* **Data records**
(* In the setting described in the context: if $(\Gamma,u,y,z)$ satisfies (P1) $\alpha_{ij}\hat{x}_j+u_{ij}\ge0$ and $-\alpha_{ij}\hat{x}_j+u_{ij}\ge0$ for all $j\in J_i,i\in I$; (P2) $y_{ij}+z_i\ge u_{ij}$ for all $j\in J_i,i\in I$; (P3) $\sum_{j\in J}a_{ij}\hat{x}_j-\sum_{j\in J_i}y_{ij}-\Gamma_iz_i\ge b_i$ for all $i\in I$; (P4) $y_{ij}\ge0$, $z_i\ge0$ for all $j\in J_i,i\in I$; (P5) $0\le\Gamma_i\le|J_i|$ for all $i\in I$, then $\Gamma\in\Theta$. Conversely, if $\sum_{j\in J}a_{ij}\hat{x}_j\ge b_i$ for all $i\in I$ and $\Gamma\in\Theta$, then there exists $(u,y,z)$ such that $(\Gamma,u,y,z)$ satisfies (P1)–(P5).
   Context: Let $I=\{1,\dots,m\}$, $J=\{1,\dots,n\}$. Given are $a_{ij}\in\mathbb{R}$ ($i\in I,j\in J$), $b\in\mathbb{R}^m$, index sets $J_i\subseteq J$, nonnegative numbers $\alpha_{ij}$ ($j\in J_i,i\in I$), and an observed point $\hat{x}\in\mathbb{R}^n$. For $i\in I$ and $x\in\mathbb{R}^n$ let $j^i_1(x),\dots,j^i_{|J_i|}(x)$ be an ordering of $J_i$ such that $\alpha_{ij^i_k(x)}|x_{j^i_k(x)}|$ is the $k$-th largest element of $\{\alpha_{ij}|x_j|\}_{j\in J_i}$. For $\Gamma_i\in[0,|J_i|]$ define the protection value \[ P_i(\Gamma_i,x)=\sum_{k=1}^{\lfloor\Gamma_i\rfloor}\alpha_{ij^i_k(x)}|x_{j^i_k(x)}|+(\Gamma_i-\lfloor\Gamma_i\rfloor)\alpha_{ij^i_{\lceil\Gamma_i\rceil}(x)}|x_{j^i_{\lceil\Gamma_i\rceil}(x)}| \] (the last term being $0$ when $\Gamma_i$ is an integer). Let $s_i=\sum_{j\in J}a_{ij}\hat{x}_j-b_i$ and $\hat{I}=\{i\in I:0\le s_i\le\sum_{j\in J_i}\alpha_{ij}|\hat{x}_j|\}$. For $i\in\hat{I}$ let $\underline{\Gamma}_i=\min\{\sum_{j\in J_i}w_j: \sum_{j\in J_i}\alpha_{ij}|\hat{x}_j|w_j=s_i,\ 0\le w_j\le1\}$; it satisfies $s_i=P_i(\underline{\Gamma}_i,\hat{x})$. Standing assumption: for each $i\in\hat{I}$, $\underline{\Gamma}_i$ is the unique $\Gamma_i\in[0,|J_i|]$ with $s_i=P_i(\Gamma_i,\hat{x})$. Define $\Theta=\{\Gamma\in\mathbb{R}^m:\Gamma_i\in[0,\underline{\Gamma}_i]\ \forall i\in\hat{I};\ \Gamma_i\in[0,|J_i|]\ \forall i\in I\setminus\hat{I}\}$. The variables $u_{ij},y_{ij}$ ($j\in J_i,i\in I$), $z_i$ ($i\in I$), $\Gamma\in\mathbb{R}^m$ are real. *)

From HB Require Import structures.
From mathcomp Require Import all_boot all_order all_algebra.
From mathcomp Require Import classical_sets reals.
Set Implicit Arguments. Unset Strict Implicit. Unset Printing Implicit Defensive.
Import Order.TTheory GRing.Theory Num.Theory.
Local Open Scope ring_scope.
Local Open Scope classical_set_scope.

* **Exercise aim**
Your answer should be the lines from the one containing "Set Implicit Arguments." through the end of the records, both included, output exactly and with nothing added.

* **Reply to the exercise**
Set Implicit Arguments. Unset Strict Implicit. Unset Printing Implicit Defensive.
Import Order.TTheory GRing.Theory Num.Theory.
Local Open Scope ring_scope.
Local Open Scope classical_set_scope.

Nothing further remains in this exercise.